# The Flesh Eater Tank - Build Tutorial Video



## MadCityHaunt (Mar 17, 2014)

Hey all! Here is my Flesh Eater Tank build tutorial. I tried to be more concise with the steps on how I built the prop this time around.






There we go! :jol:


----------



## Lord Homicide (May 11, 2012)

Ah ha... nano bugs. Better outcome than magnets and worth the added expense. Sweet! Your paint jobs are really well done too.


----------



## Mattimus (Oct 23, 2013)

I love it. The aging looks great.


----------



## DoomWolf (Sep 13, 2012)

Really cool! The nano bugs work great. What was the total cost on this project?


----------



## Pumpkin5 (Aug 8, 2010)

:jol:I love this idea! What is the "tank"? Where did you get it? I love your nano bugs....I guess maybe using black boa would be too fluffy? I simply love how you made everything steampunk and industrial. Such great work!


----------



## pennywise (Aug 5, 2008)

Badass!! I love it!!!


----------



## bobzilla (Nov 13, 2008)

This is beyond cool....well done! :jol:


----------



## MadCityHaunt (Mar 17, 2014)

Thanks so much everyone!! The prop cost around $35 depending on what you have on hand and if you can find Hex Bugs on sale or not. The tank was from Pet’s Mart and it’s plastic so I don’t have to worry about glass breaking. The material I used on the bugs was a kind of a wispy yarn I found at Michaels, it just looked like it would fit the bill, but any type of “fuzzy” material should work! :jol:


----------



## smootah (Mar 23, 2014)

This is simply genius. I love all the detail.


----------



## provprops (Jun 18, 2014)

Nice touch by adding the nano bugs to the final look.


----------



## z0mbie st0mp (Oct 9, 2010)

Saw the video on youtube... So awesome


----------



## punkineater (Apr 26, 2014)

~this is crazy good; build, detail, tut, everything!! Love it :googly:


----------



## Fletch350z (Jun 24, 2014)

That's really awesome!


----------



## The Halloween Lady (Aug 18, 2010)

That is just down right cool!!! Very, very creative. You definitely got my mind spinning.
Awesome tut too!


----------



## screaminscott (Oct 13, 2006)

Hey! You know what would look really cool? Use a real hexbug on top of the skull, but fasten it to the skull with a short piece of thread glued from the belly to the skull. Then it could jitter around but not fall off, making it look like it is really eating the flesh.

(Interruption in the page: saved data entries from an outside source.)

Lemma domain_failure_witness bit x fx c :
  let u := pick bit a b in let v := pick bit b a in
  phi u (pair 0 x) 1 -> Phi (chi D) T (pair u (pair v x)) fx -> phi v (pair 0 fx) c -> c <> 1 ->
  exists Dd, point_failure (chi D) T 0 a b Dd.
Proof.
  intros u v Hx Hfx Hc Hne.
  destruct (history_complete_many false (chi D) 2
    (fun i => if i =? 0 then (u, pair 0 x, 1) else (v, pair 0 fx, c))) as [s0 [V0 Hs0]].
  { intros [|[|i]] Hi; simpl; auto; lia. }
  destruct (history_of_Phi _ _ _ _ Hfx) as [s1 [V1 Hs1]].
  exists (code_seq [bit; x; fx; c; s0; s1]). unfold point_failure.
  rewrite !coded_nth_code_seq. simpl.
  repeat split; auto; [exact (Hs0 0 ltac:(lia))|exact (Hs0 1 ltac:(lia))].
Qed.

Lemma inverse_failure_witness bit x fx c :
  let u := pick bit a b in let v := pick bit b a in
  phi u (pair 0 x) 1 -> Phi (chi D) T (pair u (pair v x)) fx ->
  Phi (chi D) T (pair v (pair u fx)) c -> c <> x ->
  exists Dd, point_failure (chi D) T 1 a b Dd.
Proof.
  intros u v Hx Hfx Hc Hne.
  destruct (history_of_phi (chi D) _ _ _ Hx) as [s0 [V0 Hs0]].
  destruct (history_complete_many true (chi D) 2
    (fun i => if i =? 0 then (T, pair u (pair v x), fx) else (T, pair v (pair u fx), c)))
    as [s1 [V1 Hs1]].
  { intros [|[|i]] Hi; simpl; auto; lia. }
  exists (code_seq [bit; x; fx; c; s0; s1]). unfold point_failure.
  rewrite !coded_nth_code_seq. simpl.
  repeat split; auto; [exact (Hs1 0 ltac:(lia))|exact (Hs1 1 ltac:(lia))].
Qed.

Lemma phi_total_ne1 u z : inK K u -> ~ phi u z 1 -> exists c, c <> 1 /\ phi u z c.
Proof.
  intros [Hu _] Hn. destruct (Hu z) as [c [_ Hp]]. exists c. split; auto. intros ->; auto.
Qed.

Lemma relation_failure_witness (f : nat -> nat) k t :
  (forall x, Phi (chi D) T (pair a (pair b x)) (f x)) ->
  Forall (sdom (M a)) t -> ~ (srel (M a) k t <-> srel (M b) k (map f t)) ->
  exists Dd, relation_failure (chi D) T a b Dd.
Proof.
  intros Hf Ht Hnr.
  destruct Ka as [Ha _], Kb as [Hb _].
  destruct (Ha (pair (S k) (code_list t))) as [c1 [_ Hc1]].
  destruct (Hb (pair (S k) (code_list (map f t)))) as [c2 [_ Hc2]].
  assert (Hxor : (c1 = 1 /\ c2 <> 1) \/ (c1 <> 1 /\ c2 = 1)).
  { simpl in Hnr.
    destruct (Nat.eq_dec c1 1) as [E1|E1], (Nat.eq_dec c2 1) as [E2|E2]; subst; auto;
      exfalso; apply Hnr; split; intros H; auto.
    - exfalso; apply E1; exact (eval_functional _ _ _ _ Hc1 _ H).
    - exfalso; apply E2; exact (eval_functional _ _ _ _ Hc2 _ H). }
  set (len := length t).
  destruct (history_complete_many false (chi D) (len + 2)
    (fun i => if i <? len then (a, pair 0 (nth i t 0), 1)
              else if i =? len then (a, pair (S k) (code_list t), c1)
              else (b, pair (S k) (code_list (map f t)), c2))) as [s0 [V0 Hs0]].
  { intros i Hi. destruct (Nat.ltb_spec i len).
    - rewrite Forall_forall in Ht. apply Ht, nth_In. auto.
    - destruct (Nat.eqb_spec i len); auto. }
  destruct (history_complete_many true (chi D) len
    (fun i => (T, pair a (pair b (nth i t 0)), f (nth i t 0)))) as [s1 [V1 Hs1]].
  { intros i Hi. apply Hf. }
  exists (code_seq [k; code_list t; code_list (map f t); len; c1; c2; s0; s1]).
  unfold relation_failure. rewrite !coded_nth_code_seq. simpl nth.
  assert (Hlen : length (map f t) = len) by apply length_map.
  refine (conj V0 (conj V1 (conj _ (conj _ (conj Hxor (conj _ (conj _ _))))))).
  - specialize (Hs0 len ltac:(lia)). rewrite Nat.ltb_irrefl, Nat.eqb_refl in Hs0. exact Hs0.
  - specialize (Hs0 (S len) ltac:(lia)).
    destruct (Nat.ltb_spec (S len) len), (Nat.eqb_spec (S len) len); try lia. exact Hs0.
  - apply list_tail_code_list_length.
  - rewrite <- Hlen. apply list_tail_code_list_length.
  - intros i Hi. rewrite !list_elem_code_list by lia. repeat split.
    + apply list_tail_code_list_nonzero. auto.
    + apply list_tail_code_list_nonzero. lia.
    + specialize (Hs0 i ltac:(lia)). destruct (Nat.ltb_spec i len); [exact Hs0|lia].
    + rewrite (nth_indep (map f t) 0 (f 0)), map_nth by lia. apply (Hs1 i Hi).
Qed.
End FailureComplete.

Lemma iso_failure_exists (K : structure -> Prop) (T : nat) (D : nat -> bool) rI n a b :
  (forall i j x, exists y, Phi (chi D) T (pair i (pair j x)) y) ->
  phi rI n (pair a b) -> inK K a -> inK K b -> ~ Isomorphic (M a) (M b) ->
  exists w, iso_failure (chi D) T rI n w.
Proof.
  intros Htot Hr Ka Kb Hni.
  destruct (choice (fun x y => Phi (chi D) T (pair a (pair b x)) y) (Htot a b)) as [f Hf].
  destruct (choice (fun x y => Phi (chi D) T (pair b (pair a x)) y) (Htot b a)) as [g Hg].
  destruct (history_of_phi (chi D) _ _ _ Hr) as [s [Vs Hs]].
  assert (Hw : forall kind Dd,
    match kind with
    | 0 => point_failure (chi D) T 0 a b Dd
    | 1 => point_failure (chi D) T 1 a b Dd
    | 2 => relation_failure (chi D) T a b Dd
    | _ => False
    end -> exists w, iso_failure (chi D) T rI n w).
  { intros kind Dd Hk. exists (code_seq [pair a b; s; kind; Dd]).
    unfold iso_failure. rewrite !coded_nth_code_seq. simpl nth. pair_simpl. auto. }
  destruct (not_iso_cases _ _ f g Hni) as
    [[x [Hx Hnx]]|[[y [Hy Hny]]|[[x [Hx Hne]]|[[y [Hy Hne]]|[k [t [Ht Hnr]]]]]]].
  - destruct (phi_total_ne1 K b _ Kb Hnx) as [c [Hc Hpc]].
    destruct (domain_failure_witness T D a b 0 x (f x) c Hx (Hf x) Hpc Hc) as [Dd HD].
    exact (Hw 0 Dd HD).
  - destruct (phi_total_ne1 K a _ Ka Hny) as [c [Hc Hpc]].
    destruct (domain_failure_witness T D a b 1 y (g y) c Hy (Hg y) Hpc Hc) as [Dd HD].
    exact (Hw 0 Dd HD).
  - destruct (inverse_failure_witness T D a b 0 x (f x) (g (f x)) Hx (Hf x) (Hg _) Hne)
      as [Dd HD].
    exact (Hw 1 Dd HD).
  - destruct (inverse_failure_witness T D a b 1 y (g y) (f (g y)) Hy (Hg y) (Hf _) Hne)
      as [Dd HD].
    exact (Hw 1 Dd HD).
  - destruct (relation_failure_witness K T D a b Ka Kb f k t Hf Ht Hnr) as [Dd HD].
    exact (Hw 2 Dd HD).
Qed.

(* Membership in [X] is witnessed by a finite failure of the loquacious functional on
   the pair of structures the reduction assigns to [n]. *)
Theorem CErelative_of_co_Sigma11 (K : structure -> Prop) (d : (nat -> bool) -> Prop)
    (X : nat -> Prop) :
  IsoProblemSigma11Complete K -> LoquaciouslyHigh K d -> Sigma11 (fun n => ~ X n) ->
  CErelative X d.
Proof.
  intros Hcomplete [D [HD [T [Htot Hloq]]]] HX.
  destruct (Hcomplete _ HX) as [rI Hred].
  apply (CErelative_of_expr X d D (EIsoFailure rI T) HD). intros n.
  setoid_rewrite sem_EIsoFailure.
  destruct (Hred n) as [a [b [Hr [Ka [Kb Hiso]]]]].
  split.
  - intros Hn. apply (iso_failure_exists K T D rI n a b Htot Hr Ka Kb). tauto.
  - intros [w Hw]. apply NNPP. intros Hn.
    destruct (Hloq a b Ka Kb (proj2 Hiso Hn)) as (f & g & Hf & Hg & Hi & Hgf & Hfg).
    exact (iso_failure_impossible T D a b f g Hf Hg Hi Hgf Hfg rI n w Hr Hw).
Qed.

Lemma uniformly_high_of_loquaciously_high (K : structure -> Prop) (d : (nat -> bool) -> Prop) :
  LoquaciouslyHigh K d -> UniformlyHigh K d.
Proof.
  intros [D [HD [T [_ Hloq]]]]. exists D. split; auto. exists T. intros i j Hi Hj HI.
  destruct (Hloq i j Hi Hj HI) as (f & _ & Hf & _ & Hiso & _). eauto.
Qed.

Theorem mainTheorem13 (K : structure -> Prop) (d : (nat -> bool) -> Prop) :
  IsTuringDegree d ->
  IsoProblemSigma11Complete K ->
  LoquaciouslyHigh K d ->
  UniformlyHigh K d /\ CErelative KleeneO d.
Proof.
  intros _ Hcomplete Hloq. split.
  - exact (uniformly_high_of_loquaciously_high K d Hloq).
  - exact (CErelative_of_co_Sigma11 K d KleeneO Hcomplete Hloq Sigma11_not_O).
Qed.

Also, maybe you could put some pieces of flesh around the tank. The hexbugs would bump up against them and look like they were eating.

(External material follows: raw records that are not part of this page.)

(* Let $A$ be an AUF algebra, let $M\in\mathrm{Coh}_{\mathrm L}(A)$, and let $B=\mathrm{End}_{A,-}(M)^{\mathrm{op}}$. Then for each generating idempotent $p\in B$, the map $$\mathrm{End}^0_{-,B}(M)\to\mathrm{End}^0_{-,pBp}(Mp),\qquad S\mapsto S|_{Mp}$$ is a well-defined linear isomorphism.
   Context: All algebras are associative $\mathbb C$-algebras, not necessarily unital. An idempotent is $e$ with $e^2=e$. An algebra $A$ is AUF if there is a family $(e_i)_{i\in\mathfrak I}$ of mutually orthogonal idempotents with $\dim e_iAe_j<\infty$ and $A=\sum_{i,j}e_iAe_j$. A left $A$-module $M$ is quasicoherent if $\xi\in A\xi$ for all $\xi\in M$, coherent if moreover finitely generated; $\mathrm{Coh}_{\mathrm L}(A)$ is the category of coherent left $A$-modules. $B=\mathrm{End}_{A,-}(M)^{\mathrm{op}}$ (a finite-dimensional unital algebra) acts on $M$ on the right by $\xi\cdot T=T(\xi)$; $Mp=\{\xi p:\xi\in M\}$ is a quasicoherent left $A$-submodule with a right $pBp$-action. Irreducible means nonzero with no nonzero proper submodules; for a finite-dimensional unital algebra $B$, an idempotent $p\in B$ is generating if every irreducible left $B$-module on which $1_B$ acts as identity is a quotient of $Bp$. For a quasicoherent left $A$-module $N$: $N^\vee$ is the space of linear functionals $\varphi$ on $N$ for which there is an idempotent $e\in A$ with $\varphi(e\eta)=\varphi(\eta)$ for all $\eta$; $\mathrm{End}^0(N)$ is the span in $\mathrm{End}(N)$ of the operators $\eta\mapsto\varphi(\eta)\xi$ with $\xi\in N,\varphi\in N^\vee$; if $N$ carries a right action of an algebra $C$ commuting with $A$, $\mathrm{End}^0_{-,C}(N)=\{T\in\mathrm{End}^0(N): T(\xi c)=T(\xi)c\ \forall \xi,c\}$. *)

From HB Require Import structures.
From mathcomp Require Import all_boot all_order all_algebra.
From mathcomp Require Import complex.
From mathcomp Require Import Rstruct.
From Stdlib Require Rdefinitions.
Set Implicit Arguments. Unset Strict Implicit. Unset Printing Implicit Defensive.
Import GRing.Theory.
Local Open Scope ring_scope.

Definition CC : fieldType := (Rdefinitions.R)[i].

Definition is_linear (U V : lmodType CC) (f : U -> V) : Prop :=
  forall (c : CC) (x y : U), f (c *: x + y) = c *: f x + f y.

Definition is_linear_on (U V : lmodType CC) (P : U -> Prop) (f : U -> V) : Prop :=
  forall (c : CC) (x y : U), P x -> P y -> f (c *: x + y) = c *: f x + f y.

Definition is_subspace (V : lmodType CC) (P : V -> Prop) : Prop :=
  P 0 /\ forall (c : CC) (x y : V), P x -> P y -> P (c *: x + y).

Definition in_span (V : lmodType CC) (s : seq V) (v : V) : Prop :=
  exists c : 'I_(size s) -> CC, v = \sum_(k < size s) c k *: s`_k.

Definition fin_dim_set (V : lmodType CC) (S : V -> Prop) : Prop :=
  exists s : seq V, forall v, S v -> in_span s v.

Definition is_algebra (A : lmodType CC) (mul : A -> A -> A) : Prop :=
  (forall a b c, mul a (mul b c) = mul (mul a b) c) /\
  (forall a, is_linear (mul a)) /\
  (forall b, is_linear (fun a => mul a b)).

Definition is_idempotent (A : lmodType CC) (mul : A -> A -> A) (e : A) : Prop :=
  mul e e = e.

Definition is_AUF (A : lmodType CC) (mul : A -> A -> A) : Prop :=
  exists (I : Type) (e : I -> A),
    (forall i, is_idempotent mul (e i)) /\
    (forall i j, i <> j -> mul (e i) (e j) = 0) /\
    (forall i j, fin_dim_set (fun x => exists a, x = mul (mul (e i) a) (e j))) /\
    (forall a : A, exists (n : nat) (ii jj : 'I_n -> I) (b : 'I_n -> A),
        a = \sum_(k < n) mul (mul (e (ii k)) (b k)) (e (jj k))).

Definition is_left_module (A : lmodType CC) (mul : A -> A -> A)
    (M : lmodType CC) (act : A -> M -> M) : Prop :=
  (forall a, is_linear (act a)) /\
  (forall x, is_linear (fun a => act a x)) /\
  (forall a b x, act (mul a b) x = act a (act b x)).

Definition is_quasicoherent (A M : lmodType CC) (act : A -> M -> M) : Prop :=
  forall xi : M, exists a : A, act a xi = xi.

Definition is_fin_gen (A M : lmodType CC) (act : A -> M -> M) : Prop :=
  exists s : seq M, forall xi : M,
    exists (c : 'I_(size s) -> CC) (a : 'I_(size s) -> A),
      xi = \sum_(k < size s) (c k *: s`_k + act (a k) s`_k).

Definition is_coherent (A : lmodType CC) (mul : A -> A -> A)
    (M : lmodType CC) (act : A -> M -> M) : Prop :=
  is_left_module mul act /\ is_quasicoherent act /\ is_fin_gen act.

(** ** B = End_{A,-}(M)^op, represented by its underlying set of functions.
    The product of B is b1 * b2 = b2 \o b1 (opposite of composition), and
    B acts on the right of M by xi . T = T xi. *)
Definition in_B (A M : lmodType CC) (act : A -> M -> M) (f : M -> M) : Prop :=
  is_linear f /\ forall a x, f (act a x) = act a (f x).

(** Left B-modules on which 1_B acts as the identity: for f, g in B,
    (f *_B g) . n = f . (g . n), i.e. bact (g \o f) n = bact f (bact g n). *)
Definition is_unital_left_B_module (A M : lmodType CC) (act : A -> M -> M)
    (N : lmodType CC) (bact : (M -> M) -> N -> N) : Prop :=
  (forall f, in_B act f -> is_linear (bact f)) /\
  (forall (c : CC) f g n, in_B act f -> in_B act g ->
     bact (fun x => c *: f x + g x) n = c *: bact f n + bact g n) /\
  (forall f g n, in_B act f -> in_B act g -> bact (g \o f) n = bact f (bact g n)) /\
  (forall n, bact (fun x => x) n = n).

Looks great! I think I remember hearing this featured on Hauntcast, right?


----------



## Cat_Bones (Jun 1, 2012)

love this!


----------



## beelce (Jul 21, 2007)

Outstanding.........!!


----------



## Vlad (Aug 2, 2005)

very cool, nice work


----------



## Stirk (Sep 2, 2014)

Yeah, this is really top-shelf, for sure. The effect goes way over the top, and frankly makes me jealous that I don't have these in my haunt.


----------



## CottinghamCemetery (Sep 3, 2014)

I love this. Great idea and execution.


----------



## hpropman (Jul 27, 2008)

Very Nice! I love this idea! very creative


----------



## WingThing (Nov 14, 2014)

Nicely done. Love it.


----------



## samhayne (Jul 3, 2008)

Wow, love it .... it's now my drawing board tonight for sure... thanks for sharing


----------



## elputas69 (Oct 27, 2014)

Dang, that's a wicked prop! My kids have a couple of those nano bugs around...time to corpse them!


----------